──────── SUPPLIED ENTRIES
Lemma of_fun_seq_partition g N : antitone g -> is_partition (of_fun_seq g N).
Proof.
move=> anti_g; have find_le : find (fun i => g i == 0) (iota 0 N) <= N.
  by rewrite -[X in _ <= X](size_iota 0 N) find_size.
apply/andP; split.
  apply/(sortedP 0) => i; rewrite size_map size_iota => hi.
  rewrite !(nth_map 0) ?size_iota; try lia.
  by rewrite !nth_iota; try lia; apply: anti_g; lia.
apply/allP => x /mapP [i]; rewrite mem_iota => /andP [_ hi] ->.
have := before_find 0 (s := iota 0 N) (a := fun i => g i == 0) hi.
by rewrite nth_iota /=; [rewrite add0n lt0n => -> | lia].
Qed.

Lemma of_fun_row g N : antitone g -> g N = 0 -> forall i, row (of_fun g N) i = g i.
Proof.
move=> anti_g gN i.
rewrite /row /of_fun insubT ?of_fun_seq_partition //= /of_fun_seq.
set K := find _ _.
have le_KN : K <= N by rewrite /K -[X in _ <= X](size_iota 0 N) find_size.
case: (ltnP i K) => hi; first by rewrite (nth_map 0) ?size_iota // nth_iota.
rewrite nth_default ?size_map ?size_iota //.
case: (ltnP K N) => hKN; last by have := anti_g N i; lia.
have := nth_find 0 (s := iota 0 N) (a := fun i => g i == 0).
rewrite has_find size_iota -/K => /(_ hKN).
by rewrite nth_iota // add0n => /eqP gK; have := anti_g _ _ hi; lia.
Qed.

Definition rect (c r : nat) : partition := of_fun (fun i => if i < r then c else 0) r.

Lemma rect_row c r i : row (rect c r) i = if i < r then c else 0.
Proof. by apply: of_fun_row; [move=> a b hab; case_lia | rewrite ltnn]. Qed.

Definition stair (k : nat) : partition := of_fun (fun i => k - i) k.

Lemma stair_row k i : row (stair k) i = k - i.
Proof. by apply: of_fun_row; [move=> a b hab | ]; lia. Qed.

Ltac rows_simpl :=
  rewrite ?rect_row ?stair_row;
  repeat (rewrite of_fun_row; [| by move=> ? ? ? /=; case_lia | by case_lia]);
  rewrite /=.

Lemma p11_rect : p11 = rect 1 2.
Proof. by apply: partition_ext => -[|[|i]]; rewrite rect_row /row //= nth_nil. Qed.

Lemma rect_le c r c' r' : 0 < c -> 0 < r ->
  yle (rect c r) (rect c' r') <-> c <= c' /\ r <= r'.
Proof.
move=> hc hr; rewrite yle_rowsP; split.
  by move=> le_rows; have := le_rows 0; have := le_rows r.-1; rows_simpl; case_lia.
by move=> [le_c le_r] i; rows_simpl; case_lia.
Qed.

Lemma rect_inj c r c' r' : 0 < c -> 0 < r -> rect c r = rect c' r' -> c = c' /\ r = r'.
Proof.
move=> hc hr eq_rect.
have /rect_le [//|//|le_c le_r] : yle (rect c r) (rect c' r') by rewrite eq_rect; apply/yle_rowsP.
have [hc' hr'] : 0 < c' /\ 0 < r' by lia.
have /rect_le [//|//|le_c' le_r'] : yle (rect c' r') (rect c r) by rewrite eq_rect; apply/yle_rowsP.
lia.
Qed.

Lemma rect_le_stair c r k :
  yle (rect c r) (stair k) <-> (c == 0) || (r == 0) || (c + r <= k.+1).
Proof.
rewrite yle_rowsP; split; last by move=> h i; rows_simpl; case_lia.
by case: (posnP r) => [-> | hr] /(_ r.-1); rows_simpl; case_lia.
Qed.

Lemma p11_le p : yle p11 p <-> 0 < row p 1.
Proof.
rewrite p11_rect yle_rowsP; split; first by move/(_ 1); rows_simpl.
move=> h i; rows_simpl; case: ifP => hi //.
by have := @row_antitone p i 1 ltac:(lia); lia.
Qed.

Lemma total_p11 p : is_total p <-> ~ yle p11 p.
Proof.
rewrite p11_le /is_total; split=> [|h].
  by move=> tot; rewrite row_default.
by case: leqP => // lt_1; have := row_pos lt_1; lia.
Qed.

Lemma trivial_row0 p : is_trivial p <-> row p 0 <= 1.
Proof.
rewrite /is_trivial; split.
  case: (ltnP 0 (size (parts p))) => h; last by rewrite row_default.
  by move/allP/(_ _ (mem_nth 0 h))/eqP; rewrite /row => ->.
move=> h; apply/allP => x /(nthP 0) [i hi <-].
have one : row p i = 1 by have := row_pos hi; have := @row_antitone p 0 i ltac:(lia); lia.
by move: one; rewrite /row => ->.
Qed.

Lemma yle_trivial p q : yle p q -> is_trivial q -> is_trivial p.
Proof. by move=> /yle_rowsP le_pq; rewrite !trivial_row0; have := le_pq 0; lia. Qed.

Lemma trivial_below_p11 p : is_trivial p -> ~ yle p11 p -> yle p p11.
Proof.
rewrite trivial_row0 p11_le p11_rect yle_rowsP => h0 h1 i; rows_simpl.
by have := @row_antitone p 1 i; have := @row_antitone p 0 i; case_lia.
Qed.

Lemma total_rect p : is_total p -> p = rect (weight p) 1.
Proof.
move=> tot; have w0 : weight p = row p 0.
  by move: tot; rewrite /is_total /weight /row; case: (parts p) => [|a [|b s]] //= _; lia.
have /total_p11/p11_le r1 := tot.
apply: partition_ext => -[|i]; rows_simpl => //.
by have := @row_antitone p 1 i.+1; lia.
Qed.

Lemma trivial_rect p : is_trivial p -> p = rect 1 (weight p).
Proof.
move=> triv; have w_size : weight p = size (parts p).
  rewrite /weight; have /all_pred1P -> : all (pred1 1) (parts p) by [].
  by rewrite sumn_nseq size_nseq mul1n.
move/trivial_row0: triv => r0; apply: partition_ext => i; rewrite rect_row w_size.
case: ltnP => hi; last by rewrite row_default.
by have := row_pos hi; have := @row_antitone p 0 i ltac:(lia); lia.
Qed.

Definition part2 : partition := rect 2 1.

Lemma part2_p11_incomparable : ~ yle p11 part2 /\ ~ yle part2 p11.
Proof. by rewrite /part2 p11_rect !rect_le //; lia. Qed.

Definition remove_cell (p : partition) (k : nat) : partition :=
  of_fun (fun i => if i == k then (row p i).-1 else row p i) (size (parts p)).

Lemma remove_cell_row p k : row p k.+1 < row p k ->
  forall i, row (remove_cell p k) i = if i == k then (row p i).-1 else row p i.
Proof.
move=> corner; apply: of_fun_row; last by rewrite row_default //; case: ifP.
move=> a b le_ab /=; have := @row_antitone p a b le_ab.
case: (ltnP k b) => hkb; last by case_lia.
by have := @row_antitone p k.+1 b hkb; case_lia.
Qed.

Lemma remove_cell_lt p k : row p k.+1 < row p k -> ylt (remove_cell p k) p.
Proof.
move=> corner; split.
  by apply/yle_rowsP => i; rewrite remove_cell_row //; case_lia.
by apply: (@row_neq _ _ k); rewrite remove_cell_row // eqxx; lia.
Qed.

(* A partition with a greatest element strictly below it is a nonempty
   rectangle: a corner besides the last row would give a second, incomparable
   partition covered by it. *)
Lemma greatest_below_rect p u : ylt u p -> (forall v, ylt v p -> yle v u) ->
  exists c r, [/\ 0 < c, 0 < r & p = rect c r].
Proof.
move=> [le_up neq_up] below_u; set r := size (parts p).
have hr : 0 < r.
  rewrite lt0n; apply/negP => /eqP r0; apply: neq_up; apply: yle_antisym => //.
  by apply/yle_rowsP => i; rewrite (@row_default p) //; lia.
have last_corner : row p r.-1.+1 < row p r.-1.
  by rewrite prednK // row_default // row_pos //; lia.
have flat i : i < r -> row p i = row p 0.
  move=> hi; apply: NNPP => neq_i0.
  have [j [lt_ji corner_j]] : exists j, j < i /\ row p j.+1 < row p j.
    by apply: exists_corner; have := @row_antitone p 0 i ltac:(lia); lia.
  apply: neq_up; apply: yle_antisym => //; apply/yle_rowsP => k.
  have /yle_rowsP/(_ k) := below_u _ (remove_cell_lt corner_j).
  have /yle_rowsP/(_ k) := below_u _ (remove_cell_lt last_corner).
  by rewrite !remove_cell_row //; case_lia.
exists (row p 0), r; split => //; first exact: row_pos.
apply: partition_ext => i; rewrite rect_row; case: ltnP => hi; first exact: flat.
exact: row_default.
Qed.

Definition rect_minus_cell (c r : nat) : partition :=
  of_fun (fun i => if i < r.-1 then c else if i < r then c.-1 else 0) r.

Lemma rect_greatest_below c r : 0 < c -> 0 < r ->
  ylt (rect_minus_cell c r) (rect c r) /\
  forall v, ylt v (rect c r) -> yle v (rect_minus_cell c r).
Proof.
move=> hc hr; split.
  split; first by apply/yle_rowsP => i; rows_simpl; case_lia.
  by apply: (@row_neq _ _ r.-1); rows_simpl; case_lia.
move=> v [/yle_rowsP le_v neq_v].
have short_last : row v r.-1 < c.
  apply: NNPP => long_last; apply: neq_v; apply: partition_ext => i.
  have := le_v i; rewrite !rect_row; case: ifP => hi le_vi; last lia.
  by have := @row_antitone v i r.-1 ltac:(lia); lia.
apply/yle_rowsP => i; have := le_v i; rows_simpl.
by have := @row_antitone v r.-1 i; case_lia.
Qed.

Lemma rect_lt c r c' r' : 0 < c -> 0 < r -> c <= c' -> r <= r' -> c < c' \/ r < r' ->
  ylt (rect c r) (rect c' r').
Proof.
move=> hc hr le_c le_r lt_cr; split; first by apply/rect_le.
by move=> /rect_inj [//|//|ec er]; lia.
Qed.

(* The intervals [A, B] of Young's lattice between rectangles which encode
   that B adds a row or a column to A. *)
Definition interval_chain (A B : partition) : Prop :=
  forall x y, yle A x -> yle x B -> yle A y -> yle y B -> yle x y \/ yle y x.

Definition between_condition (A B w : partition) : Prop :=
  forall z, ylt A z -> ylt z B ->
    yle p11 B /\ (yle w B /\ (~ yle p11 w /\ ~ yle w p11)).

Lemma interval_one_row_chain A B k :
  (forall i, i != k -> row B i = row A i) -> interval_chain A B.
Proof.
move=> same_rows x y /yle_rowsP Ax /yle_rowsP xB /yle_rowsP Ay /yle_rowsP yB.
have same i : i != k -> row x i = row y i.
  by move=> hi; have := same_rows i hi; have := Ax i; have := xB i; have := Ay i; have := yB i; lia.
case: (leqP (row x k) (row y k)) => hk; [left | right]; apply/yle_rowsP => i;
  by case: (eqVneq i k) => [-> | /same ->]; lia.
Qed.

Lemma one_cell_interval A B k z :
  (forall i, i != k -> row B i = row A i) -> row B k = (row A k).+1 ->
  ylt A z -> ylt z B -> False.
Proof.
move=> same_rows row_k [/yle_rowsP Az neq_Az] [/yle_rowsP zB neq_zB].
have same i : i != k -> row z i = row A i.
  by move=> hi; have := same_rows i hi; have := Az i; have := zB i; lia.
have := Az k; have := zB k; rewrite row_k => le_k ge_k.
case: (ltnP (row A k) (row z k)) => hk; [apply: neq_zB | apply: neq_Az];
  apply: partition_ext => i; case: (eqVneq i k) => [-> | hik]; try lia.
all: by rewrite same // ?same_rows.
Qed.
────────────────
Copy out all lines from the records where the word "split" appears.

**ANSWER**
apply/andP; split.
move=> hc hr; rewrite yle_rowsP; split.
rewrite yle_rowsP; split; last by move=> h i; rows_simpl; case_lia.
rewrite p11_rect yle_rowsP; split; first by move/(_ 1); rows_simpl.
rewrite p11_le /is_total; split=> [|h].
rewrite /is_trivial; split.
move=> corner; split.
exists (row p 0), r; split => //; first exact: row_pos.
move=> hc hr; split.
  split; first by apply/yle_rowsP => i; rows_simpl; case_lia.
move=> hc hr le_c le_r lt_cr; split; first by apply/rect_le.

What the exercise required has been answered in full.